At the end of September, an emergency room technician in the United States gave WIRED a real-time account of what it was like inside their hospital as a ransomware attack raged. With their digital systems locked down by hackers, health care workers were forced onto backup paper systems. They were already straining to manage patients during the pandemic; the last thing they needed was more chaos. "It is a life-or-death situation," the technician said at the time.
The same scenario was repeated around the country this year, as waves of ransomware attacks crashed down on hospitals and health care provider networks, peaking in September and October. School districts, meanwhile, were walloped by attacks that crippled their systems just as students were attempting to come back to class, either in person or remotely. Corporations and local and state governments faced similar attacks at equally alarming rates.
Ransomware has been around for decades, and it's a fairly straightforward attack: Hackers distribute malware that mass-encrypts data or otherwise blocks access to a target's systems, and then demand payment to release the digital hostages. It's a well-known threat, but one that's difficult to eradicate—something as simple as clicking a link or downloading a malicious attachment could give attackers the foothold they need. And even without that type of human error, large corporations and other institutions like municipal governments still struggle to devote the resources and expertise necessary to lay down basic defenses. After watching these attacks in 2020, though, incident responders say that the problem has escalated and that the ransomware forecast for next year looks pretty dire.

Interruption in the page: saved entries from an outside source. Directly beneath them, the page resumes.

Lemma ge0_integral_independent (f : (R * R)%type -> \bar R) : independent_RV2 X Y ->
  measurable_fun setT f -> (forall z, (0 <= f z)%E) ->
  (\int[P]_w f (X w, Y w) =
   \int[distribution P X]_x \int[distribution P Y]_y f (x, y))%E.
Proof.
move=> iXY mf f0.
rewrite -[RHS](fubini_tonelli1 f) // -[LHS](ge0_integral_distribution rv_pair) //.
apply: eq_measure_integral => A mA _.
by symmetry; exact: independent_RV2_distribution_pair.
Qed.

End independent_pair.

Import numFieldNormedType.Exports.

(* Growth bounds give integrability against any law with a finite second
   moment; the tactic [growth] below discharges these side conditions. *)
Section growth.
Context (R : realType).
Implicit Types (f g : R -> R) (c k : R).

Definition linear_growth f :=
  measurable_fun setT f /\ exists c, forall y, `|f y| <= c * (1 + `|y|).

Definition quadratic_growth f :=
  measurable_fun setT f /\ exists c, forall y, `|f y| <= c * (1 + y ^+ 2).

Lemma linear_growth_cst c : linear_growth (fun=> c).
Proof.
split; first exact: measurable_cst.
by exists `|c| => y; rewrite ler_peMr// lerDl.
Qed.

Lemma linear_growth_id : linear_growth id.
Proof. by split; [exact: measurable_id | exists 1 => y; rewrite mul1r lerDr]. Qed.

Lemma linear_growthD f g :
  linear_growth f -> linear_growth g -> linear_growth (fun y => f y + g y).
Proof.
move=> [mf [c cf]] [mg [c' cg]]; split; first exact: measurable_funD.
exists (c + c') => y; rewrite mulrDl (le_trans (ler_normD _ _))//.
exact: lerD.
Qed.

Lemma linear_growthZ k f : linear_growth f -> linear_growth (fun y => k * f y).
Proof.
move=> [mf [c cf]]; split; first exact: measurable_funM.
by exists (`|k| * c) => y; rewrite normrM -mulrA ler_wpM2l.
Qed.
(* Let $R$ be a Noetherian hyperring. The following are equivalent: (i) $R$ is Artinian; (ii) $Spec(R)$ with the Zariski topology is discrete and finite; (iii) $Spec(R)$ with the Zariski topology is discrete.
   Context: Standing conventions. A hyperring means a commutative Krasner hyperring with identity: a set $R$ with a hyperoperation $+:R\times R\to\mathcal P^*(R)$ (nonempty subsets; for subsets $A,B$ one sets $A+B=\bigcup_{a\in A,b\in B}a+b$) and a binary operation $\cdot$ such that: $+$ is associative and commutative; there is $0\in R$ with $0+x=\{x\}$ for all $x$; every $x$ has a unique $-x$ with $0\in x+(-x)$; $z\in x+y$ implies $y\in -x+z$ and $x\in z-y$; $(R,\cdot)$ is a commutative monoid with identity $1$; $0\cdot x=0$; and $x(y+z)=xy+xz$. A hyperideal of $R$ is a nonempty $I\subseteq R$ with $a-b\subseteq I$ and $ra\in I$ for all $a,b\in I$, $r\in R$. $R$ is Noetherian (resp. Artinian) if every ascending (resp. descending) chain of hyperideals of $R$ stabilizes. A proper hyperideal $P$ is prime if $ab\in P$ implies $a\in P$ or $b\in P$. $Spec(R)$ is the set of prime hyperideals of $R$; for $S\subseteq R$, $V(S)=\{P\in Spec(R): S\subseteq P\}$. The Zariski topology on $Spec(R)$ is the topology whose closed sets are the sets $V(I)$, $I$ a hyperideal of $R$. *)

From Stdlib Require Import List Arith.

Set Implicit Arguments.

(* A commutative Krasner hyperring with identity.  The hyperoperation
   x + y is the set [hadd x y : T -> Prop]. *)
Record hyperring := HyperRing {
  carrier :> Type;
  hadd : carrier -> carrier -> carrier -> Prop;
  hmul : carrier -> carrier -> carrier;
  hzero : carrier;
  hone : carrier;
  hneg : carrier -> carrier;
  hadd_nonempty : forall x y, exists z, hadd x y z;
  (* associativity: (x + y) + z = x + (y + z) as sets *)
  hadd_assoc : forall x y z w,
      (exists u, hadd x y u /\ hadd u z w) <-> (exists v, hadd y z v /\ hadd x v w);
  hadd_comm : forall x y z, hadd x y z <-> hadd y x z;
  hadd_zero : forall x z, hadd hzero x z <-> z = x;
  hadd_neg : forall x, hadd x (hneg x) hzero;
  hneg_unique : forall x y, hadd x y hzero -> y = hneg x;
  hadd_rev : forall x y z, hadd x y z -> hadd (hneg x) z y /\ hadd z (hneg y) x;
  hmul_assoc : forall x y z, hmul x (hmul y z) = hmul (hmul x y) z;
  hmul_comm : forall x y, hmul x y = hmul y x;
  hmul_one : forall x, hmul hone x = x;
  hmul_zero : forall x, hmul hzero x = hzero;
  (* distributivity: x (y + z) = x y + x z as sets *)
  hmul_distr : forall x y z w,
      (exists u, hadd y z u /\ w = hmul x u) <-> hadd (hmul x y) (hmul x z) w
}.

“I see no reason why ransomware would slow down in 2021," says Charles Carmakal, senior vice president and chief technical officer of the cybersecurity firm Mandiant, which is owned by FireEye. "Everything that's played out this year leads me to believe it’s going to just keep getting worse until something really dramatic happens. I anticipate seeing threat actors get more disruptive."
Though some researchers say that the scale and severity of ransomware attacks crossed a bright line in 2020, others describe this year as simply the next step in a gradual and, unfortunately, predictable devolution. After years spent honing their techniques, attackers are growing bolder. They've begun to incorporate other types of extortion like blackmail into their arsenals, by exfiltrating an organization's data and then threatening to release it if the victim doesn't pay an additional fee. Most significantly, ransomware attackers have transitioned from a model in which they hit lots of individuals and accumulated many small ransom payments to one where they carefully plan attacks against a smaller group of large targets from which they can demand massive ransoms. The antivirus firm Emsisoft found that the average requested fee has increased from about $5,000 in 2018 to about $200,000 this year.
To make all of this happen, ransomware gangs have professionalized. A whole underground economy has developed to provide support services like stolen credentials or even consulting time with network access specialists. As a result, Emsisoft threat analyst Brett Callow says, it's not so much that the quantity or pattern of attacks has changed, it's that those attacks have become even more effective and intrusive.
"Ransomware always has peaks and troughs," Callow says. "I really think that things haven’t changed much over the course of the year. It's something that's gradual over a period of time. But credit where credit is due, the ransomware groups have done a tremendous job of growing their business."
Researchers and incident responders are wholly focused on trying to change ransomware's threatening course. On Monday, the Institute for Security and Technology launched a Ransomware Task Force with partners like Microsoft, the Shadowserver Foundation, Citrix, and McAfee.
"Ransomware incidents have been growing unchecked, and this economically destructive cybercrime has increasingly led to dangerous, physical consequences," the group said in a statement. "The RTF’s founding members understand that ransomware is too large of a threat for any one entity to address."
One way the security industry has been working to stop more ransomware attacks is through information sharing between incident responders and institutions that may be on attackers' hit lists. Defenders can get ahead of certain campaigns, because increasingly hackers will infiltrate a target network and then wait patiently to deploy their ransomware at the most strategic moment—meaning the most disadvantageous moment for victims. For example, in a number of ransomware attacks on schools this fall, hackers laid groundwork during the summer but waited to actually launch their assault so districts would be caught at a busy time. While it can create leverage and urgency that forces victims to pay, this approach also gives incident responders an opening to detect and neutralize network threats before hackers actually use their position to mount an attack.
Mandiant's Carmakal also notes that some major law enforcement actions related to ransomware will become public in 2021. “We’ll see the fruits of that in the coming months," he says. “Law enforcement is particularly interested in arrests and indictments that can have a real impact on threat actors." International cooperation to apprehend and prosecute individuals is crucial to making a dent in the problem. There may also need to be other strong policy efforts from countries like the US, such as sanctions against countries that harbor ransomware actors.
For now, though, responders emphasize that companies and other organizations can still protect themselves. They can make ransomware less lucrative for attackers by focusing on basic security protections and tightening their defenses in fundamental ways. This not only makes it more difficult for attackers to find vulnerable targets in the first place; it can make it less likely that victims will actually need to pay a ransom to restore their services if they do get hit.
“Organizations need to get the basics right, that is absolutely critical,” Emsisoft's Callow says. “In the past, companies could often get away with having somewhat weak security, but now they can’t. They'll pay the price literally and figuratively.”